▶ [AIM OF THE TASK] When you reach the line in the data below that contains "cdf_eq1 : forall", please start repeating lines exactly, and stop after the line that contains "- move=> x;", repeating nothing else.

--

(* Let $\phi:\mathcal S\times\mathcal A\times[0,1]\to\mathbb R$ be bounded and such that $\mathcal Q_\phi$ is well defined, and set $\overline\phi=\sup_{s,a,\tau}\phi(s,a,\tau)$, $\underline\phi=\inf_{s,a,\tau}\phi(s,a,\tau)$. Let $F_\infty^{-1}(\cdot;s,a)$ and $\underline F_\infty^{-1}(\cdot;s,a)$ be the quantile functions of the fixed points of $\mathcal T^\pi$ and of $\mathcal Q_\phi\mathcal T^\pi$, respectively. Then for all $(s,a)$ and $\tau$, $$F_\infty^{-1}(\tau;s,a)-\phi(s,a,\tau)-\frac{\gamma}{1-\gamma}\overline\phi\ \le\ \underline F^{-1}_\infty(\tau;s,a)\ \le\ F_\infty^{-1}(\tau;s,a)-\phi(s,a,\tau)-\frac{\gamma}{1-\gamma}\underline\phi.$$
   Context: Setting: an infinite-horizon discounted MDP with finite state set $\mathcal S$, finite action set $\mathcal A$, transition kernel $\mathcal P(\cdot\mid s,a)$, bounded reward distributions $\mathcal R(s,a)$ on $\mathbb R$, discount $\gamma\in(0,1)$, and a policy $\pi$. For a distribution $\nu$ on $\mathbb R$, $F_\nu$ is its CDF and $F_\nu^{-1}(\tau)=\inf\{x:\tau\le F_\nu(x)\}$ its quantile function. The distributional Bellman operator on $\eta\in\mathscr P(\mathbb R)^{\mathcal S\times\mathcal A}$ is defined by $F_{\mathcal T^\pi\eta(s,a)}(z)=\sum_{s',a'}\mathcal P(s'\mid s,a)\pi(a'\mid s')\int F_{\eta(s',a')}\big(\tfrac{z-r}{\gamma}\big)\,dF_{\mathcal R(s,a)}(r)$. Quantile distortion operator: $\mathcal Q_\phi\eta$ is defined by $F^{-1}_{\mathcal Q_\phi\eta(s,a)}(\tau)=F^{-1}_{\eta(s,a)}(\tau)-\phi(s,a,\tau)$ (with $\phi$ such that this is again a quantile function). Both $\mathcal T^\pi$ and $\mathcal Q_\phi\mathcal T^\pi$ are $\gamma$-contractions in the supremum Wasserstein metric $\bar w_p(\eta,\eta')=\sup_{(s,a)}w_p(\eta(s,a),\eta'(s,a))$ on distributions with bounded support, so they have unique fixed points. *)

From HB Require Import structures.
From mathcomp Require Import all_boot all_order all_algebra.
From mathcomp Require Import all_classical all_reals all_analysis.
Set Implicit Arguments. Unset Strict Implicit. Unset Printing Implicit Defensive.
Import Order.TTheory GRing.Theory Num.Theory.
Local Open Scope classical_set_scope.
Local Open Scope ring_scope.

Notation distr R := (probability R R).

Definition cdfR (R : realType) (nu : distr R) (x : R) : R :=
  fine (nu [set` `]-oo, x]]).

Definition quantile (R : realType) (F : R -> R) (tau : R) : R :=
  inf [set x | tau <= F x].

Definition bounded_support (R : realType) (nu : distr R) : Prop :=
  exists M : R, nu [set` `[- M, M]] = 1%E.

Definition bellman_cdf (R : realType) (S A : finType)
  (P : S -> A -> S -> R) (Rw : S -> A -> distr R) (gamma : R)
  (pi : S -> A -> R) (eta : S -> A -> distr R) (s : S) (a : A) (z : R) : R :=
  \sum_(s' : S) \sum_(a' : A)
     P s a s' * pi s' a' *
     fine (\int[Rw s a]_(r in setT) (cdfR (eta s' a') ((z - r) / gamma))%:E).

Definition is_fixpoint_T (R : realType) (S A : finType)
  (P : S -> A -> S -> R) (Rw : S -> A -> distr R) (gamma : R)
  (pi : S -> A -> R) (eta : S -> A -> distr R) : Prop :=
  forall s a z, cdfR (eta s a) z = bellman_cdf P Rw gamma pi eta s a z.

Definition is_fixpoint_QT (R : realType) (S A : finType)
  (P : S -> A -> S -> R) (Rw : S -> A -> distr R) (gamma : R)
  (pi : S -> A -> R) (phi : S -> A -> R -> R) (eta : S -> A -> distr R) : Prop :=
  forall s a tau, 0 < tau <= 1 ->
    quantile (cdfR (eta s a)) tau =
    quantile (bellman_cdf P Rw gamma pi eta s a) tau - phi s a tau.

Definition phi_range (R : realType) (S A : finType) (phi : S -> A -> R -> R) : set R :=
  [set y | exists s a t, 0 <= t <= 1 /\ phi s a t = y].

(* Both fixed points have bounded support, so the quantile gap
   d = sup_{s,a,tau} (F_eta^{-1}(tau;s,a) - F_eta'^{-1}(tau;s,a)) is finite.
   A quantile gap of at most c between two families of laws is a domination of
   their CDFs with shift c (up to an arbitrarily small slack); since the Bellman
   operator rescales returns by gamma, it turns a shift c into a shift gamma c,
   so the quantiles of T^pi eta and T^pi eta' differ by at most gamma d.  The two
   fixed-point equations then give gap(s,a,tau) <= gamma d + phi(s,a,tau), hence
   d <= gamma d + sup phi, which yields the lower bound; exchanging the roles of
   eta and eta' yields the upper bound with inf phi. *)

From HB Require Import structures.
From mathcomp Require Import all_boot all_order all_algebra.
From mathcomp Require Import all_classical all_reals all_analysis.
From mathcomp Require Import ring lra.
Import Order.TTheory GRing.Theory Num.Theory.
Local Open Scope classical_set_scope.
Local Open Scope ring_scope.

Record bounded_cdf {R : realType} (m : R) (F : R -> R) : Prop := BoundedCdf {
  cdf_homo : {homo F : x y / x <= y};
  cdf_unit : forall x, 0 <= F x <= 1;
  cdf_eq0 : forall x, x <= - m -> F x = 0;
  cdf_eq1 : forall x, m <= x -> F x = 1 }.
Arguments cdf_homo {R m F}.
Arguments cdf_unit {R m F}.
Arguments cdf_eq0 {R m F}.
Arguments cdf_eq1 {R m F}.

Section bounded_cdf.
Context {R : realType}.
Implicit Types (m : R) (F : R -> R).

Lemma bounded_cdfW {m m' F} : m <= m' -> bounded_cdf m F -> bounded_cdf m' F.
Proof.
move=> mm' [Fhomo F01 F0 F1]; split=> // x xm; [apply: F0 | apply: F1].
  by rewrite (le_trans xm) // lerN2.
exact: le_trans xm.
Qed.

Lemma bounded_cdf_uniform {T : finType} {F : T -> R -> R} :
  (forall i, exists m, bounded_cdf m (F i)) -> exists m, forall i, bounded_cdf m (F i).
Proof.
move=> /choice[f hf]; exists (\sum_i `|f i|) => i.
apply: bounded_cdfW (hf i); rewrite (le_trans (ler_norm _)) //.
by rewrite (bigD1 i) //= lerDl sumr_ge0.
Qed.

Lemma cdfR_bounded {nu : distr R} : bounded_support nu -> exists m, bounded_cdf m (cdfR nu).
Proof.
case=> M nuM; exists (`|M| + 1).
have M_le : - `|M| <= M <= `|M| by rewrite -ler_norml.
have nuM_compl : nu (~` [set` `[- M, M]]) = 0%E.
  by rewrite probability_setC ?nuM ?subee //; exact: measurable_itv.
split.
- move=> x y xy; rewrite /cdfR fine_le ?fin_num_measure ?le_measure ?inE //.
  by apply: subitvPr; rewrite bnd_simp.
- move=> x; rewrite /cdfR fine_ge0 ?measure_ge0 //=.
  by rewrite -lee_fin fineK ?fin_num_measure // probability_le1.
- move=> x xm; rewrite /cdfR.
  suff -> : nu [set` `]-oo, x]] = 0%E by [].
  apply/eqP; rewrite eq_le measure_ge0 andbT -nuM_compl le_measure ?inE //.
    by apply: measurableC; exact: measurable_itv.
  by move=> y /=; rewrite !in_itv /= => yx /andP[My _]; clear nuM nuM_compl; lra.
- move=> x mx; rewrite /cdfR.
  suff -> : nu [set` `]-oo, x]] = 1%E by [].
  apply/eqP; rewrite eq_le probability_le1 //= -nuM le_measure ?inE //.
  by move=> y /=; rewrite !in_itv /= => /andP[_ yM]; clear nuM nuM_compl; lra.
Qed.
End bounded_cdf.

--

▶ [ANSWER AREA]
  cdf_eq1 : forall x, m <= x -> F x = 1 }.
Arguments cdf_homo {R m F}.
Arguments cdf_unit {R m F}.
Arguments cdf_eq0 {R m F}.
Arguments cdf_eq1 {R m F}.

Section bounded_cdf.
Context {R : realType}.
Implicit Types (m : R) (F : R -> R).

Lemma bounded_cdfW {m m' F} : m <= m' -> bounded_cdf m F -> bounded_cdf m' F.
Proof.
move=> mm' [Fhomo F01 F0 F1]; split=> // x xm; [apply: F0 | apply: F1].
  by rewrite (le_trans xm) // lerN2.
exact: le_trans xm.
Qed.

Lemma bounded_cdf_uniform {T : finType} {F : T -> R -> R} :
  (forall i, exists m, bounded_cdf m (F i)) -> exists m, forall i, bounded_cdf m (F i).
Proof.
move=> /choice[f hf]; exists (\sum_i `|f i|) => i.
apply: bounded_cdfW (hf i); rewrite (le_trans (ler_norm _)) //.
by rewrite (bigD1 i) //= lerDl sumr_ge0.
Qed.

Lemma cdfR_bounded {nu : distr R} : bounded_support nu -> exists m, bounded_cdf m (cdfR nu).
Proof.
case=> M nuM; exists (`|M| + 1).
have M_le : - `|M| <= M <= `|M| by rewrite -ler_norml.
have nuM_compl : nu (~` [set` `[- M, M]]) = 0%E.
  by rewrite probability_setC ?nuM ?subee //; exact: measurable_itv.
split.
- move=> x y xy; rewrite /cdfR fine_le ?fin_num_measure ?le_measure ?inE //.
  by apply: subitvPr; rewrite bnd_simp.
- move=> x; rewrite /cdfR fine_ge0 ?measure_ge0 //=.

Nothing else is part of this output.